** Opening Source data block **

Lemma step_dec P mu P' : step defn P mu P' ->
  exists l1 t l2 t', dec P = l1 ++ t :: l2 /\ step defn t mu t' /\
                     dec P' = l1 ++ dec t' ++ l2.
Proof.
  intros Hs; induction Hs as [| | | | ? q ? ? _ IH | ? q ? ? _ IH];
    try solve [eexists [], _, [], _; simpl; rewrite app_nil_r; split; eauto using step].
  - destruct IH as (l1 & t & l2 & t' & E & Ht & E').
    exists l1, t, (l2 ++ dec q), t'. simpl; rewrite E, E', <- !app_assoc; auto.
  - destruct IH as (l1 & t & l2 & t' & E & Ht & E').
    exists (dec q ++ l1), t, l2, t'. simpl; rewrite E, E', <- !app_assoc; auto.
Qed.

Lemma step_fires_place P mu P' : parallel P -> step defn P mu P' ->
  exists l1 t l2 o, dec P = l1 ++ t :: l2 /\ pre_trans defn t mu o /\
                    dec P' = l1 ++ of_opt o ++ l2.
Proof.
  intros HP Hs. destruct (step_dec Hs) as (l1 & t & l2 & t' & E & Ht & E').
  assert (Hseq : sequential t).
  { apply (parallel_dec_sequential HP). rewrite E; apply in_or_app; simpl; auto. }
  destruct (sequential_dec (sequential_step Ht Hseq)) as [Et' | Et'].
  - exists l1, t, l2, None. split; auto. split; [exists t'; auto | rewrite E', Et'; auto].
  - exists l1, t, l2, (Some t'). split; auto. split; [exists t'; auto | rewrite E', Et'; auto].
Qed.

Lemma dec_step_lift P u l u' : In u (dec P) -> step defn u l u' ->
  exists P1 a b, step defn P l P1 /\ dec P = a ++ u :: b /\ dec P1 = a ++ dec u' ++ b.
Proof.
  induction P as [| | | | P1 IH1 P2 IH2]; intros Hu Hs; simpl in Hu;
    try solve [destruct Hu as [<- | []]; exists u', [], []; simpl; rewrite app_nil_r; auto].
  - destruct Hu.
  - apply in_app_or in Hu as [Hu | Hu].
    + destruct (IH1 Hu Hs) as (Q & a & b & HQ & E & E').
      exists (Par Q P2), a, (b ++ dec P2). simpl; rewrite E, E', <- !app_assoc.
      split; auto; constructor; auto.
    + destruct (IH2 Hu Hs) as (Q & a & b & HQ & E & E').
      exists (Par P1 Q), (dec P1 ++ a), b. simpl; rewrite E, E', <- !app_assoc.
      split; auto; apply st_parr; auto.
Qed.

Lemma place_step_lift P u m l o : Permutation (dec P) (u :: m) ->
  pre_trans defn u l o -> exists P1, step defn P l P1 /\ Permutation (dec P1) (of_opt o ++ m).
Proof.
  intros Hp [u' [Hu Eu']].
  assert (Hin : In u (dec P)) by (eapply Permutation_in; [apply Permutation_sym, Hp | simpl; auto]).
  destruct (dec_step_lift Hin Hu) as (P1 & a & b & HP1 & E & E').
  exists P1; split; auto. rewrite E', <- Eu'. rewrite E in Hp.
  apply Permutation_sym, Permutation_cons_app_inv in Hp.
  eapply perm_trans; [apply Permutation_app_swap_app |].
  apply Permutation_app_head, Permutation_sym, Hp.
Qed.

Lemma place_tau_star_lift u w : tau_star (pre_trans defn) u w ->
  forall P m, Permutation (dec P) (u :: m) ->
  exists P1, reach defn P P1 /\ Permutation (dec P1) (w :: m).
Proof.
  intros Huw; induction Huw as [u | u u' w Hu _ IH]; intros P m Hp.
  - exists P; split; [constructor | auto].
  - destruct (place_step_lift Hp Hu) as [P1 [HP1 Hp1]].
    destruct (IH _ _ Hp1) as [P2 [? ?]]. exists P2; split; auto. econstructor; eauto.
Qed.

Lemma mreach_snoc (T : transs A K) m1 m2 l m3 :
  mreach T m1 m2 -> fire T m2 l m3 -> mreach T m1 m3.
Proof. intros H12; induction H12; intros; econstructor; eauto; constructor. Qed.

Lemma net_places_closed P s l s' :
  net_places defn P s -> pre_trans defn s l (Some s') -> net_places defn P s'.
Proof.
  intros [m [Hm Hs]] Hss'. destruct (in_split _ _ Hs) as [a [b ->]].
  exists (a ++ b ++ [s']). split.
  - apply (mreach_snoc (l := l) Hm). exists s, (Some s'), (a ++ b).
    split; [auto | split; [apply Permutation_sym, Permutation_middle |]].
    simpl; rewrite app_assoc; auto.
  - apply in_or_app; right; apply in_or_app; right; simpl; auto.
Qed.
(* Let $n\ge 7$ and let $G$ be one of the following graphs: $K_1\vee \frac{n-1}{4}K_4$ with $n\equiv 1\pmod 4$; $K_1\vee (K_1\cup \frac{n-2}{4}K_4)$ with $n\equiv 2\pmod 4$; $K_1\vee (K_{1,1}\cup \frac{n-3}{4}K_4)$ with $n\equiv 3\pmod 4$; or $K_1\vee (K_{1,s}^+\cup \frac{n-s-2}{4}K_4)$ with $2\le s\le n-6$. Then $q(G)<q(K_{1,1,n-2}^+)$.
   Context: $q(G)$ denotes the largest eigenvalue of the signless Laplacian matrix $Q(G)=D(G)+A(G)$ ($A(G)$ adjacency matrix, $D(G)$ diagonal degree matrix). $K_m$ is the complete graph on $m$ vertices, $kH$ is the disjoint union of $k$ copies of $H$, $\cup$ is disjoint union, and $G\vee H$ is the join (disjoint union plus all edges between $V(G)$ and $V(H)$). $K_{1,s}$ is the star with $s$ leaves; for $s\ge2$, $K_{1,s}^+$ is obtained from $K_{1,s}$ by adding one edge between two leaves. $K_{1,1,n-2}^+$ is obtained from the complete tripartite graph $K_{1,1,n-2}$ by adding one edge inside the part of size $n-2$. In the last family it is implicit that $\frac{n-s-2}{4}$ is an integer. *)

From HB Require Import structures.
From mathcomp Require Import all_boot all_order all_algebra.
From mathcomp Require Import reals.
Set Implicit Arguments. Unset Strict Implicit. Unset Printing Implicit Defensive.
Import Order.TTheory GRing.Theory Num.Theory.

(* A finite simple graph: finite vertex type and an adjacency relation.
   All the constructions below produce symmetric irreflexive relations. *)
Record graph := Graph { gV : finType; gE : rel gV }.

Definition gunion (G H : graph) : graph :=
  @Graph (gV G + gV H)%type (fun x y => match x, y with
    | inl a, inl b => gE a b
    | inr a, inr b => gE a b
    | _, _ => false end).

Definition gjoin (G H : graph) : graph :=
  @Graph (gV G + gV H)%type (fun x y => match x, y with
    | inl a, inl b => gE a b
    | inr a, inr b => gE a b
    | _, _ => true end).

Definition gnull : graph := @Graph void (fun _ _ => false).

Definition Kc (m : nat) : graph := @Graph 'I_m (fun i j => i != j).

Definition copies (k : nat) (H : graph) : graph := iter k (gunion H) gnull.

Definition star (s : nat) : graph :=
  @Graph 'I_s.+1 (fun i j => (i != j) && (((i : nat) == 0) || ((j : nat) == 0))).

(* K_{1,s}^+ : star plus the edge between leaves 1 and 2 (s >= 2) *)
Definition starplus (s : nat) : graph :=
  @Graph 'I_s.+1 (fun i j => ((i != j) && (((i : nat) == 0) || ((j : nat) == 0)))
     || (((i : nat) == 1) && ((j : nat) == 2)) || (((i : nat) == 2) && ((j : nat) == 1))).

(* K_{1,1,n-2}^+ on vertices 0..n-1: parts {0}, {1}, {2,...,n-1},
   plus the edge {2,3} inside the large part *)
Definition K11plus (n : nat) : graph :=
  @Graph 'I_n (fun i j => (i != j) &&
     [|| (i : nat) < 2, (j : nat) < 2,
         ((i : nat) == 2) && ((j : nat) == 3) | ((i : nat) == 3) && ((j : nat) == 2)]).

Definition deg (G : graph) (v : gV G) : nat := #|[pred u | gE v u]|.

Definition sQ (R : realType) (G : graph) : 'M[R]_#|gV G| :=
  \matrix_(i, j) (((i == j)%:R * (deg (enum_val i))%:R)%R
                  + (gE (enum_val i) (enum_val j))%:R)%R.

Definition is_q (R : realType) (G : graph) (a : R) : Prop :=
  eigenvalue (sQ R G) a /\ (forall b, eigenvalue (sQ R G) b -> (b <= a)%R).

Inductive lem_family (n : nat) : graph -> Prop :=
| fam1 : n %% 4 = 1 -> lem_family n (gjoin (Kc 1) (copies ((n - 1) %/ 4) (Kc 4)))
| fam2 : n %% 4 = 2 ->
    lem_family n (gjoin (Kc 1) (gunion (Kc 1) (copies ((n - 2) %/ 4) (Kc 4))))
| fam3 : n %% 4 = 3 ->
    lem_family n (gjoin (Kc 1) (gunion (star 1) (copies ((n - 3) %/ 4) (Kc 4))))
| fam4 (s : nat) : 2 <= s -> s <= n - 6 -> (n - s - 2) %% 4 = 0 ->
    lem_family n (gjoin (Kc 1) (gunion (starplus s) (copies ((n - s - 2) %/ 4) (Kc 4)))).

From HB Require Import structures.
From mathcomp Require Import all_boot all_order all_algebra.
From mathcomp Require Import reals.
From Stdlib Require Import Classical.
From mathcomp Require Import ring lra zify.
Import Order.TTheory GRing.Theory Num.Theory.
Set Implicit Arguments. Unset Strict Implicit. Unset Printing Implicit Defensive.
Local Open Scope ring_scope.

(* Every G of the statement is a cone K_1 ∨ H over a disjoint union H of
   copies of K_4 with one small graph.  Q(G) is a nonnegative matrix, so a
   positive vector y with Q y <= c y entrywise bounds all its eigenvalues by c
   (Collatz-Wielandt).  Taking y = 1 at the apex and constant on each vertex
   class of H, with the values solving the row equations of those classes,
   all row inequalities hold for c = n + 43/25.  On the other side,
   K_{1,1,n-2}^+ has an eigenvector that is constant on the classes {0,1},
   {2,3} and the rest; its eigenvalue is a root of a cubic which changes sign
   on [n + 43/25, n + 3].  Finally, the largest eigenvalues exist because there
   are finitely many eigenvalues, and Q(G) has at least one: the vector
   (1,-1,0,0) on a copy of K_4 gives the eigenvalue 3. *)

Lemma poly_max_root (R : realDomainType) (p : {poly R}) a :
  p != 0 -> root p a -> exists2 m, root p m & forall b, root p b -> b <= m.
Proof.
move: {2}(size p) (leqnn (size p)) => n; elim: n p a => [|n IH] p a.
  by rewrite size_poly_leq0 => /eqP ->; rewrite eqxx.
move=> sz_p p0 pa; have /factor_theorem [q pE] := pa.
have q0 : q != 0 by apply: contraNneq p0 => q0; rewrite pE q0 mul0r.
have root_pE b : root p b = (b == a) || root q b.
  by rewrite pE rootM root_XsubC orbC.
have [[b qb ab] | no_larger] := classic (exists2 b, root q b & a < b).
  have sz_q : (size q <= n)%N.
    by move: sz_p; rewrite pE size_mul ?polyXsubC_eq0 // size_XsubC addn2.
  have [m qm m_max] := IH q b sz_q q0 qb.
  exists m; first by rewrite root_pE qm orbT.
  move=> c; rewrite root_pE => /orP [/eqP -> | /m_max //].
  exact/ltW/(lt_le_trans ab)/m_max.
exists a => // b; rewrite root_pE => /orP [/eqP -> // | qb].
by rewrite leNgt; apply/negP => ab; apply: no_larger; exists b.
Qed.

** Closing Source data block **

Problem to work on: The answer should consist of every line above in which "disjoint" appears.

Response box:
   Context: $q(G)$ denotes the largest eigenvalue of the signless Laplacian matrix $Q(G)=D(G)+A(G)$ ($A(G)$ adjacency matrix, $D(G)$ diagonal degree matrix). $K_m$ is the complete graph on $m$ vertices, $kH$ is the disjoint union of $k$ copies of $H$, $\cup$ is disjoint union, and $G\vee H$ is the join (disjoint union plus all edges between $V(G)$ and $V(H)$). $K_{1,s}$ is the star with $s$ leaves; for $s\ge2$, $K_{1,s}^+$ is obtained from $K_{1,s}$ by adding one edge between two leaves. $K_{1,1,n-2}^+$ is obtained from the complete tripartite graph $K_{1,1,n-2}$ by adding one edge inside the part of size $n-2$. In the last family it is implicit that $\frac{n-s-2}{4}$ is an integer. *)
(* Every G of the statement is a cone K_1 ∨ H over a disjoint union H of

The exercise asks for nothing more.